After the initialisation, step 2 of Figure 10 starts. The chemical composition of the melt is read and the state is obtained. According to this and the current experience of the agent, the model takes the most suitable action. The model simulates the chosen amount of oxygen being blowen (Figure 10, step 3). For this action, an approximate constant flow rate at the oxygen valve of 8 m³/min is considered. Then, the chemical composition is measured:

If the state is a target state (“super-successful” or “simple-successful” target states), the heat ends and the agent receives a positive reward of 10 or 0, respectively;
If the C content of the state is below 0.1%, the heat ends, regardless of the contents of the other chemical elements of the state, and the agent receives a very negative reward of −50;
If the state does not fit above criteria, the reward is −10. If the number of actions taken by the agent surpasses six the heat ends, otherwise another suitable action is taken (return to step 2).
After the end of the heat simulation, whether successful or unsuccessful, the training continues with the initilisation of a new heat (return to step 1 of Figure 10).

4. Results

After executing the training with the model described above, the generated experience and the performance of the RL agent in that training phase were evaluated. To this end, several aspects were analysed. The first and most general one was the number of successful heats, where failures were considered as those that surpassed the maximum number of actions per heat or where the carbon was excessively reduced (below 0.1%). The training assessment was that 16,034 of the total 30,000 simulated heats ended the oxygen blowing process successfully, representing 53.45% of the heats. However, it is more interesting to focus on the performance of the agent during the exploitation period (from heat 15,000 when ε = 0) because this will be how the operator support system will behave when it is operational. In the exploitation period, which corresponds to the second half of the training with the model, the agent exploits the knowledge gained during the first half of the training in order to achieve the target state. Considering this part of the simulation, the evaluation was slightly enhanced and 57.34% of the heats in this period were successful. Table 7 shows the number of heats successfully ended by their final states.

From the table above, it can be deduced that the exploitation training meant that the agent tended to end the oxygen blowing process successfully, as reflected by a 14% increase in successful heats when the agent behaved greedily. Comparing the performance of the agent in the exploitation phase with the results obtained historically with the decisions of the operators, the success rate improves from 45.09% to 57.34%, which represents an increase of just over 12%. This general improvement summarises the benefits of using the OSS:

Time, materials and energy are saved, as the resources spent on the previous steps are less likely to be wasted;
As a consequence of the above, there is an increase in productivity;
Both of the above benefits would positively affect the profits of the company.

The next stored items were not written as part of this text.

(* Let $A$ and $B$ be pure parabolic isometries of $\mathbb{H}^4$. Then $A$ and $B$ are linked.
   Context: A pure parabolic isometry of $\mathbb{H}^4$ is a composition of reflections in two hyperplanes tangent at a unique point at infinity. Two isometries $A,B$ are linked if there are involutions $\alpha,\beta,\gamma$ of $\mathbb{H}^4$ with $A=\alpha\beta$ and $B=\beta\gamma$. *)

(* hyperboloid model of H^4 in Minkowski space R^{4,1}. *)
From HB Require Import structures.
From mathcomp Require Import all_boot all_order all_algebra.
From mathcomp Require Import reals.
Set Implicit Arguments. Unset Strict Implicit. Unset Printing Implicit Defensive.
Import Order.TTheory GRing.Theory Num.Theory.
Local Open Scope ring_scope.

Section Hyp.
Variable R : realType.

(* coordinates 0..3 are spacelike, coordinate 4 (= ord_max) is timelike *)
Definition tidx : 'I_5 := ord_max.

Definition lorJ : 'M[R]_5 :=
  diag_mx (\row_(i < 5) (if i == tidx then -1 else 1)).

Definition lor (x y : 'cV[R]_5) : R := (x^T *m lorJ *m y) 0 0.

Definition hpoint (x : 'cV[R]_5) : Prop := lor x x = -1 /\ 0 < x tidx 0.

(* representatives of points at infinity: nonzero future-directed null vectors
   (two representatives give the same ideal point iff positively proportional) *)
Definition ideal_rep (v : 'cV[R]_5) : Prop := lor v v = 0 /\ 0 < v tidx 0.

(* isometries of H^4 : the group O^+(4,1) acting linearly *)
Definition isometry (A : 'M[R]_5) : Prop :=
  A^T *m lorJ *m A = lorJ /\ 0 < A tidx tidx.

Definition involution (A : 'M[R]_5) : Prop :=
  isometry A /\ A *m A = 1%:M /\ A <> 1%:M.

(* a hyperplane of H^4 is given by a unit spacelike normal n :
   P_n = { x in H^4 | <x,n> = 0 }; its reflection is x |-> x - 2 <x,n> n *)
Definition unit_spacelike (n : 'cV[R]_5) : Prop := lor n n = 1.

Definition refl (n : 'cV[R]_5) : 'M[R]_5 :=
  1%:M - 2%:R *: (n *m n^T *m lorJ).

Definition tangent_at_infinity (n m : 'cV[R]_5) : Prop :=
  (forall x, hpoint x -> ~ (lor x n = 0 /\ lor x m = 0)) /\
  exists v, [/\ ideal_rep v, lor v n = 0, lor v m = 0 &
    forall w, ideal_rep w -> lor w n = 0 -> lor w m = 0 ->
      exists2 c : R, 0 < c & w = c *: v].

Definition pure_parabolic (A : 'M[R]_5) : Prop :=
  exists n m, [/\ unit_spacelike n, unit_spacelike m,
    tangent_at_infinity n m & A = refl n *m refl m].

Definition linked (A B : 'M[R]_5) : Prop :=
  exists a b c, [/\ involution a, involution b, involution c,
    A = a *m b & B = b *m c].

End Hyp.
Lemma Delta_vertex_eqC x n sigma m : eqC x (x0 + int_comb n) -> Permutation (seq 0 k) sigma ->
  eqC (x + psum l sigma m) (x0 + int_comb (fun i => (n i + memz (firstn m sigma) i)%Z)).
Proof.
  intros [a Ha] P. rewrite int_comb_plus, psum_int_comb by auto. exists a. lra.
Qed.

Lemma vertex_map_Delta x n sigma m : eqC x (x0 + int_comb n) -> Permutation (seq 0 k) sigma ->
  vertex_map (x + psum l sigma m) = vadd (vertex_map x) (aI k (bits k (firstn m sigma))).
Proof.
  intros Hx P. rewrite (vertex_map_spec _ _ (Delta_vertex_eqC x n sigma m Hx P)).
  rewrite (vertex_map_spec _ _ Hx). apply lattice_point_add_memz.
Qed.

Lemma Delta_base_in_component x sigma y : Permutation (seq 0 k) sigma ->
  inDelta l x sigma y -> in_component l x0 y -> exists n, eqC x (x0 + int_comb n).
Proof.
  intros P [m [_ [a Ha]]] Hy. apply in_component_iff in Hy. destruct Hy as [n0 [b Hb]].
  rewrite psum_int_comb in Ha by auto.
  exists (fun i => (n0 i + - memz (firstn m sigma) i)%Z).
  rewrite int_comb_plus, int_comb_opp. exists (b - a)%Z. rewrite minus_IZR. lra.
Qed.

Lemma Dsimplex_nil : Dsimplex k [].
Proof.
  exists (lattice_point k (fun _ => 0%Z)), []. split; [apply lattice_point_Lambda|].
  split; [simpl; auto|]. intros v; simpl; split; [intros []|intros [I [[] _]]].
Qed.

(* The chain consists of the prefix sets of [sigma] at the steps [m] hit by [S]. *)
Lemma Delta_subset_Dsimplex x n sigma S : eqC x (x0 + int_comb n) -> Permutation (seq 0 k) sigma ->
  (forall y, In y S -> inDelta l x sigma y) -> Dsimplex k (map vertex_map S).
Proof.
  intros Hx P HS.
  set (hit := fun m => if excluded_middle_informative
                         (exists y, In y S /\ eqC y (x + psum l sigma m)) then true else false).
  exists (vertex_map x), (map (fun m => bits k (firstn m sigma)) (filter hit (seq 0 k))).
  split; [rewrite (vertex_map_spec _ _ Hx); apply lattice_point_Lambda|].
  split; [apply chain_ok_prefixes; auto|].
  intros v. rewrite in_map_iff. split.
  - intros [y [<- Hy]]. destruct (HS y Hy) as [m [Hm Hym]]. rewrite Hlen in Hm.
    exists (bits k (firstn m sigma)). split.
    + apply (in_map (fun m => bits k (firstn m sigma))), filter_In. split; [apply in_seq; lia|].
      unfold hit. destruct (excluded_middle_informative _) as [_|H]; auto.
      exfalso; apply H; exists y; auto.
    + rewrite (vertex_map_eqC _ _ Hym). apply (vertex_map_Delta x n); auto.
  - intros [I [HI ->]]. apply in_map_iff in HI. destruct HI as [m [<- Hm]].
    apply filter_In in Hm. destruct Hm as [_ Hm]. unfold hit in Hm.
    destruct (excluded_middle_informative _) as [[y [Hy E]]|_]; [|discriminate].
    exists y. split; auto. rewrite (vertex_map_eqC _ _ E). apply (vertex_map_Delta x n); auto.
Qed.

Lemma admissible_Dsimplex S : (forall y, In y S -> in_component l x0 y) ->
  admissible l S -> Dsimplex k (map vertex_map S).
Proof.
  intros HS [x [sigma [P HD]]]. rewrite Hlen in P.
  destruct S as [|y0 S']; [apply Dsimplex_nil|].
  destruct (Delta_base_in_component x sigma y0 P (HD y0 (or_introl eq_refl)) (HS y0 (or_introl eq_refl)))
    as [n Hn].
  apply (Delta_subset_Dsimplex x n sigma); auto.
Qed.

Lemma Dsimplex_admissible S : (forall y, In y S -> in_component l x0 y) ->
  Dsimplex k (map vertex_map S) -> admissible l S.
Proof.
  intros HS [z [c [Hz [Hc Hv]]]].
  destruct (lattice_point_onto k ltac:(lia) z Hz) as [n Hn].
  destruct (chain_ok_prefixes_perm k c Hc) as [sigma [P Hsig]].
  assert (Hx : eqC (x0 + int_comb n) (x0 + int_comb n)) by apply eqC_refl.
  exists (x0 + int_comb n), sigma. split; [rewrite Hlen; auto|].
  intros y Hy. destruct (proj1 (Hv (vertex_map y)) (in_map _ _ _ Hy)) as [I [HI Efy]].
  destruct (Hsig I HI) as [m [Hm ->]].
  exists m. split; [lia|]. apply vertex_map_inj; auto.
  - apply in_component_iff. eexists. apply (Delta_vertex_eqC _ n sigma m Hx P).
  - rewrite (vertex_map_Delta _ n sigma m Hx P), (vertex_map_spec _ n Hx), Hn. auto.
Qed.

End Tonnetz.

Theorem theorem6p5 (k : nat) (l : list R)
  (Hk : (2 <= k)%nat)
  (Hlen : length l = k)
  (Hpos : forall i, (i < k)%nat -> 0 < nth i l 0)
  (Hsum : fold_right Rplus 0 l = 1)
  (Hirr : forall p : list Z, length p = k ->
     (exists i, (i < k)%nat /\ nth i p 0%Z <> 0%Z) ->
     fold_right Rplus 0 (map (fun q => IZR (fst q) * snd q) (combine p l)) <> 0) :
  forall x0 : R, tonnetz_component_iso_Delone k l x0.
Proof.
  intros x0. exists (vertex_map k l x0). split; [|split; [|split; [|split]]].
  - apply vertex_map_eqC; auto.
  - apply vertex_map_Lambda; auto.
  - apply vertex_map_inj; auto.
  - apply vertex_map_onto; auto.
  - intros S HS. split.
    + apply admissible_Dsimplex; auto.
    + apply Dsimplex_admissible; auto.
Qed.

Regarding the blown oxygen, Figure 12 presents the total amount of blown oxygen from the successful heats during the exploitation phase. This figure shows that most heats needed to blow 40 or 45 m³ of oxygen. However, the super-successful target state was most often reached with the first of the two aforementioned rates. Moreover, it can be observed that less than 50 m³ of oxygen was blown in many successful heats. This is in line with the approximation mentioned in Section 3.2 that states that the target amount of oxygen to be blown for medium heats is around 40 m³.

Although the amount of blown oxygen influences the duration of the EAF oxygen blowing process, the number of actions taken is also relevant. This is because blowing oxygen after the first time involves other operations, such as preparing the handheld lance and taking a sample to analyse the melt composition, which further increases the duration of the process.

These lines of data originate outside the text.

Lemma odd_n2 p : odd p -> p = (2 * n2 p).+1.
Proof. by move=> p_odd; rewrite /n2 -[in LHS](odd_double_half p) p_odd -divn2; lia. Qed.

Lemma mulX_cosum (y : algC) a m : y != 0 -> (m <= a)%N ->
  y ^+ a * cosum y m = y ^+ (a + m) + y ^+ (a - m).
Proof.
move=> y_neq0 m_le_a; rewrite /cosum mulrDr exprD exprVn; congr (_ + _).
by rewrite -{1}(subnK m_le_a) exprD mulfK // expf_neq0.
Qed.

Lemma sum_weighted_cosum p m : prime p -> odd p -> (m <= n2 p)%N ->
  \sum_(k < p) (zeta p ^+ k) ^+ (n2 p).+1 * cosum (zeta p ^+ k) m
    = if m == n2 p then p%:R else 0.
Proof.
move=> p_pr p_odd m_le_n; have p_eq := odd_n2 p_odd.
have p_gt1 := prime_gt1 p_pr.
have p_ndvd_diff : (p %| (n2 p).+1 - m)%N = false by apply: gtnNdvd; lia.
have p_dvd_sum : (p %| (n2 p).+1 + m)%N = (m == n2 p).
  case: eqP => [-> | m_neq_n]; first by rewrite addSn addnn -mul2n -p_eq dvdnn.
  by apply: gtnNdvd; lia.
have zk_neq0 k : zeta p ^+ k != 0 by rewrite expf_neq0 ?zeta_neq0 ?prime_gt0.
have z_order e := zeta_prime_expr_eq1 e p_pr.
under eq_bigr do rewrite mulX_cosum ?(leqW m_le_n) //.
by rewrite big_split /= !(sum_root_expr _ z_order) p_ndvd_diff p_dvd_sum addr0.
Qed.

Lemma sum_weighted_eq_at1 p (F : algC -> algC) : prime p ->
    (forall k, (0 < k < p)%N -> F (zeta p ^+ k) = 0) ->
  \sum_(k < p) (zeta p ^+ k) ^+ (n2 p).+1 * F (zeta p ^+ k) = F 1.
Proof.
move=> p_pr F_conj; have p_gt0 := prime_gt0 p_pr.
rewrite (bigD1 (Ordinal p_gt0)) //= expr0 expr1n mul1r big1 ?addr0 // => k k_neq0.
by rewrite F_conj ?mulr0 // ltn_ord andbT lt0n.
Qed.

Lemma cosum_relation_int p (a : 'I_(n2 p) -> int) : prime p -> (5 <= p)%N ->
    (forall k, (0 < k < p)%N -> \sum_(j < n2 p) cosum (zeta p ^+ k) j.+1 *~ a j
       = cosum (zeta p ^+ k) (n2 p) + cosum (zeta p ^+ k) (n2 p - 2)) ->
  p%:Z * (\sum_(j < n2 p) (if j.+1 == n2 p then a j else 0) - 1)
    = 2 * (\sum_(j < n2 p) a j - 2).
Proof.
move=> p_pr p_ge5 a_rel.
have p_odd := prime_ge5_odd p_pr p_ge5.
have n_ge2 : (2 <= n2 p)%N by have := odd_n2 p_odd; lia.
pose F y := \sum_(j < n2 p) cosum y j.+1 *~ a j - (cosum y (n2 p) + cosum y (n2 p - 2)).
have F_conj k : (0 < k < p)%N -> F (zeta p ^+ k) = 0.
  by move/a_rel; rewrite /F => ->; rewrite subrr.
have := sum_weighted_eq_at1 p_pr F_conj.
rewrite {2}/F !cosum1 (eq_bigr (fun j => 2 *~ a j)) => [|j _]; last by rewrite cosum1.
have F_weighted y : y ^+ (n2 p).+1 * F y =
    \sum_(j < n2 p) (y ^+ (n2 p).+1 * cosum y j.+1) *~ a j
    - (y ^+ (n2 p).+1 * cosum y (n2 p) + y ^+ (n2 p).+1 * cosum y (n2 p - 2)).
  rewrite /F mulrBr mulrDr mulr_sumr; congr (_ - _).
  by apply: eq_bigr => j _; rewrite mulrzAr.
rewrite (eq_bigr _ (fun k _ => F_weighted _)) sumrB big_split /= exchange_big /=.
under eq_bigr do rewrite -mulrz_suml sum_weighted_cosum // ?ltn_ord.
rewrite !sum_weighted_cosum // ?leq_subr // eqxx ifN; last by apply/eqP; lia.
have -> : \sum_(j < n2 p) (if j.+1 == n2 p then p%:R else 0) *~ a j
    = p%:R * \sum_(j < n2 p) (if j.+1 == n2 p then a j else 0)%:~R :> algC.
  by rewrite mulr_sumr; apply: eq_bigr => j _; case: ifP; rewrite ?mulr0 ?mul0rz ?mulrzr.
have -> : \sum_(j < n2 p) 2 *~ a j = 2 * \sum_(j < n2 p) (a j)%:~R :> algC.
  by rewrite mulr_sumr; apply: eq_bigr => j _; rewrite mulrzr.
move=> E; apply: (@intr_inj algC); rewrite !rmorphM !rmorphB !rmorph_sum /=.
transitivity (p%:R * \sum_(j < n2 p) (if j.+1 == n2 p then a j else 0)%:~R
  - (p%:R + 0) : algC); first by ring.
by rewrite E; ring.
Qed.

The results regarding this indicator have can be interpreted in two ways. On the one hand, if all simulated heats in the exploitation period are considered, it can be observed that there is an increase of 3% of the number of successful heats achieved when blowing once (63 heats out of 173 heats in the historical database against 5949 heats out of 15,000 heats). On the other side, if only successful heats are taken into account, the RL agent causes an increase in the number of actions per heat, reducing the number of successful heats with a single action by 10%. This slightly increases the average duration of the process due to the operations involved in blowing oxygen. However, this is preferable if a higher success rate is achieved, as in the overall computation the processing time for each heat is reduced. Furthermore, this follows the dynamics described in Reward Signal, with reaching the target in more than one action being preferable to blowing excess oxygen and having to reject the heat.

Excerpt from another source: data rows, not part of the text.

Lemma exists_common_nonroot (T : countType) (u : T -> {poly R}) :
  exists t, forall k, u k != 0 -> ~~ root (u k) t.
Proof.
pose v n := if unpickle n is Some k then (if u k != 0 then u k else 1) else 1.
have v_neq0 n : v n != 0.
  rewrite /v; case: unpickle => [k|]; last exact: oner_neq0.
  by case: ifP => // _; exact: oner_neq0.
pose shrinks n (J J' : R * R) := J.1 < J.2 ->
  [/\ J.1 <= J'.1, J'.1 < J'.2, J'.2 <= J.2 &
      forall x, J'.1 <= x <= J'.2 -> ~~ root (v n) x].
have [step stepP] : {step : nat * (R * R) -> R * R &
                     forall nJ, shrinks nJ.1 nJ.2 (step nJ)}.
  apply: (@choice _ _ (fun nJ J' => shrinks nJ.1 nJ.2 J')) => -[n J].
  have [lJ|Jl] := ltP J.1 J.2.
    by have [J' ?] := poly_nonroot_subinterval (v_neq0 n) lJ; exists J'.
  by exists J => /(lt_le_trans)/(_ Jl); rewrite ltxx.
pose I := fix I n := if n is n'.+1 then step (n', I n') else (0 : R, 1 : R).
have I_lt n : (I n).1 < (I n).2.
  by elim: n => [|n IH] /=; [exact: ltr01 | case: (stepP (n, I n))].
have [t t_in] : exists t, forall n, (I n).1 <= t <= (I n).2.
  apply: nested_intervals_meet => n; first exact/ltW.
  by case: (stepP (n, I n) (I_lt n)).
exists t => k uk_neq0; have := stepP (pickle k, I (pickle k)) (I_lt _).
by case=> _ _ _; rewrite /v pickleK uk_neq0; apply; exact: t_in (pickle k).+1.
Qed.

End CommonNonRoot.

Lemma mpoly_rmorph_eq n (S : comNzRingType)
    (F G : {rmorphism {mpoly rat[n]} -> S}) :
  (forall c, F c%:MP = G c%:MP) -> (forall i, F 'X_i = G 'X_i) -> F =1 G.
Proof.
move=> FGC FGX p; rewrite (mpolyE p) !rmorph_sum; apply: eq_bigr => m _.
rewrite -mul_mpolyC !rmorphM FGC mpolyXE_id !rmorph_prod; congr (_ * _).
by apply: eq_bigr => i _; rewrite !rmorphXn FGX.
Qed.

Lemma mmapXU n (S : comNzRingType) (f : {rmorphism rat -> S}) (h : 'I_n -> S) i :
  mmap f h 'X_i = h i.
Proof. by rewrite mmapX mmap1U. Qed.

Lemma muniXU n (i : 'I_n.+1) : muni ('X_i : {mpoly rat[n.+1]}) =
  if unlift ord_max i is Some j then ('X_j)%:P else 'X.
Proof.
rewrite /muni mmapXU /=; case: splitP => [j /= ij|j /= ij].
  have -> : i = lift ord_max j.
    by apply: val_inj; rewrite /= /bump leqNgt ij ltn_ord.
  by rewrite liftK.
have -> : i = ord_max by apply: val_inj; rewrite /= ij ord1 addn0.
by rewrite unlift_none.
Qed.

Local Notation widen := (widen_ord (leqnSn _)).

Lemma mnm_eq_split n (m m' : 'X_{1..n.+1}) :
  (m == m') =
  ([multinom m (widen i) | i < n] == [multinom m' (widen i) | i < n])
  && (m ord_max == m' ord_max).
Proof.
apply/eqP/andP => [-> //|[/eqP mm' /eqP mm'_max]].
apply/mnmP => i; case: (unliftP ord_max i) => [k ->|-> //].
have -> : lift ord_max k = widen k.
  by apply: val_inj; rewrite /= /bump leqNgt ltn_ord.
by have := congr1 (fun mm : 'X_{1..n} => mm k) mm'; rewrite !mnmE.
Qed.

Lemma mcoeff_muni n (P : {mpoly rat[n.+1]}) (m : 'X_{1..n.+1}) :
  ((muni P)`_(m ord_max))@_[multinom m (widen i) | i < n] = P@_m.
Proof.
rewrite [in RHS](mpolyE P) muniE coef_sum !raddf_sum /=.
apply: eq_bigr => m' _.
rewrite coefZ coefXn mulr_natr mcoeffMn !mcoeffZ !mcoeffX mnm_eq_split.
rewrite [m ord_max == _]eq_sym.
by case: (_ == _); case: (_ == _); rewrite /= ?mulr1 ?mulr0 ?mulr0n ?mulr1n.
Qed.

Section AlgebraicIndependence.
Variable R : realType.

Definition alg_indep_ord n (a : 'I_n -> R) :=
  forall P : {mpoly rat[n]}, P != 0 -> mmap (@ratr R) a P != 0.

(* [generic p] is convertible to [alg_indep] of the coordinate map
   [fun vj : V * 'I_d => p vj.1 0 vj.2]. *)
Definition alg_indep (I : finType) (a : I -> R) :=
  alg_indep_ord (fun k : 'I_#|{: I}| => a (enum_val k)).

Lemma alg_indep_ord_inj n m (a : 'I_n -> R) (b : 'I_m -> R) (s : 'I_m -> 'I_n) :
  injective s -> b =1 a \o s -> alg_indep_ord a -> alg_indep_ord b.
Proof.
move=> s_inj bas a_indep P P_neq0.
pose sub := [tuple ('X_(s i) : {mpoly rat[n]}) | i < m].
pose unsub := [tuple (if [pick i | s i == j] is Some i then 'X_i else 0
                      : {mpoly rat[m]}) | j < n].
have eval_sub : mmap (@ratr R) a (comp_mpoly sub P) = mmap (@ratr R) b P.
  apply: (mpoly_rmorph_eq (F := mmap (@ratr R) a \o comp_mpoly sub)) => [c|i] /=.
    by rewrite comp_mpolyC !mmapC.
  by rewrite comp_mpolyXU -tnth_nth tnth_mktuple !mmapXU bas.
have unsubK : comp_mpoly unsub (comp_mpoly sub P) = P.
  apply: (mpoly_rmorph_eq (F := comp_mpoly unsub \o comp_mpoly sub)
                          (G := idfun)) => [c|i] /=.
    by rewrite !comp_mpolyC.
  rewrite comp_mpolyXU -tnth_nth tnth_mktuple.
  rewrite comp_mpolyXU -tnth_nth tnth_mktuple.
  by case: pickP => [j /eqP /s_inj -> //|/(_ i)]; rewrite eqxx.
rewrite -eval_sub; apply: a_indep; apply: contra_neq P_neq0 => sub0.
by rewrite -unsubK sub0 rmorph0.
Qed.

Lemma alg_indep_inj (I J : finType) (a : I -> R) (b : J -> R) (f : J -> I) :
  injective f -> b =1 a \o f -> alg_indep a -> alg_indep b.
Proof.
move=> f_inj baf; apply: (alg_indep_ord_inj (s := enum_rank \o f \o enum_val)).
- by move=> k k' /enum_rank_inj /f_inj /enum_val_inj.
- by move=> k /=; rewrite enum_rankK baf.
Qed.

Definition extend_ord n (a : 'I_n -> R) (t : R) (i : 'I_n.+1) : R :=
  oapp a t (unlift ord_max i).

Lemma mmap_muni n (a : 'I_n -> R) t (P : {mpoly rat[n.+1]}) :
  mmap (@ratr R) (extend_ord a t) P =
  (map_poly (mmap (@ratr R) a) (muni P)).[t].
Proof.
apply: (mpoly_rmorph_eq (F := mmap (@ratr R) (extend_ord a t))
   (G := horner_eval t \o map_poly (mmap (@ratr R) a) \o (@muni n rat)))
   => [c|i] /=.
  by rewrite muniC map_polyC /= horner_evalE hornerC !mmapC.
rewrite muniXU mmapXU /extend_ord; case: unlift => [j|] /=.
  by rewrite map_polyC /= horner_evalE hornerC /= mmapXU.
by rewrite map_polyX horner_evalE hornerX.
Qed.

(* The coefficients of [muni P] are nonzero polynomials in the first [n]
   variables, which [a] cannot annihilate. *)
Lemma map_muni_neq0 n (a : 'I_n -> R) (P : {mpoly rat[n.+1]}) :
  alg_indep_ord a -> P != 0 -> map_poly (mmap (@ratr R) a) (muni P) != 0.
Proof.
move=> a_indep; rewrite -msupp_eq0; case P_supp: (msupp P) => [//|m s] _.
have Pm_neq0 : P@_m != 0 by rewrite mcoeff_eq0 negbK P_supp mem_head.
apply/eqP => /(congr1 (fun q : {poly R} => q`_(m ord_max))).
rewrite coef_map coef0 => /eqP; apply/negP/a_indep.
by apply: contra_neq Pm_neq0; rewrite -mcoeff_muni => ->; rewrite mcoeff0.
Qed.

Figure 13 shows the number of actions taken in the successful heats of the exploitation period. This indicates that the majority of heats required one action to end the process successfully. Furthermore, thanks to the three intervals into which the number of successful heats has been divided, it is clear that there is a tendency for the number of heats requiring a single action to reach the target state to increase. Thus, there is room for improvement, and the number of actions could be reduced as the agent gains experience.

Lastly, the melt temperature at the end of the EAF oxygen blowing process did not increase in excess. The mean value for this temperature was 1556.33 °C, while Figure 14 presents the distribution. Given that only one heat out of the 15,000 heats of the exploitation period exceeded the target tapping temperature, it can be stated that overheating of the melt was avoided. Thus, the achieved improvement was maximal regarding the historical data, where 5% of the heats overheated. The benefit of this is two-fold. On the one hand, time is saved because waiting times for cooling are not necessary, which is crucial to keeping the factory running to schedule. On the other hand, this also shows that the amount of blown oxygen is not excessive and that this material is saved.

5. Conclusions

This paper presents an analysis of the application of a reinforcement learning agent to control the oxygen blowing process carried out in the EAF of a cast steel foundry. The agent was developed based on the process dynamics and its objectives. Furthermore, it was trained with a real historical database and simulated experience generated by a dynamic process model.

The resultant RL agent showed quite positive behaviour compared to that deduced from the historical database. First, the RL agent increased the success rate of the process by 12%, which involved reducing heat rejections and lower rates of material and time wastage. Secondly, waiting times for cooling were avoided because only 1 out of 15,000 heats in the exploitation period ended the oxygen blowing process with the temperature of the molten steel above the target tapping temperature. Finally, the performance of the RL agent showed a tendency to achieve the target state with fewer actions, yet the number of successful heats with a single action in the group of successful heats was reduced by 10% with respect to the historical data. Nonetheless, an overall reading of the performance of the agent revealed that this indicator increased by 3% regarding all heats.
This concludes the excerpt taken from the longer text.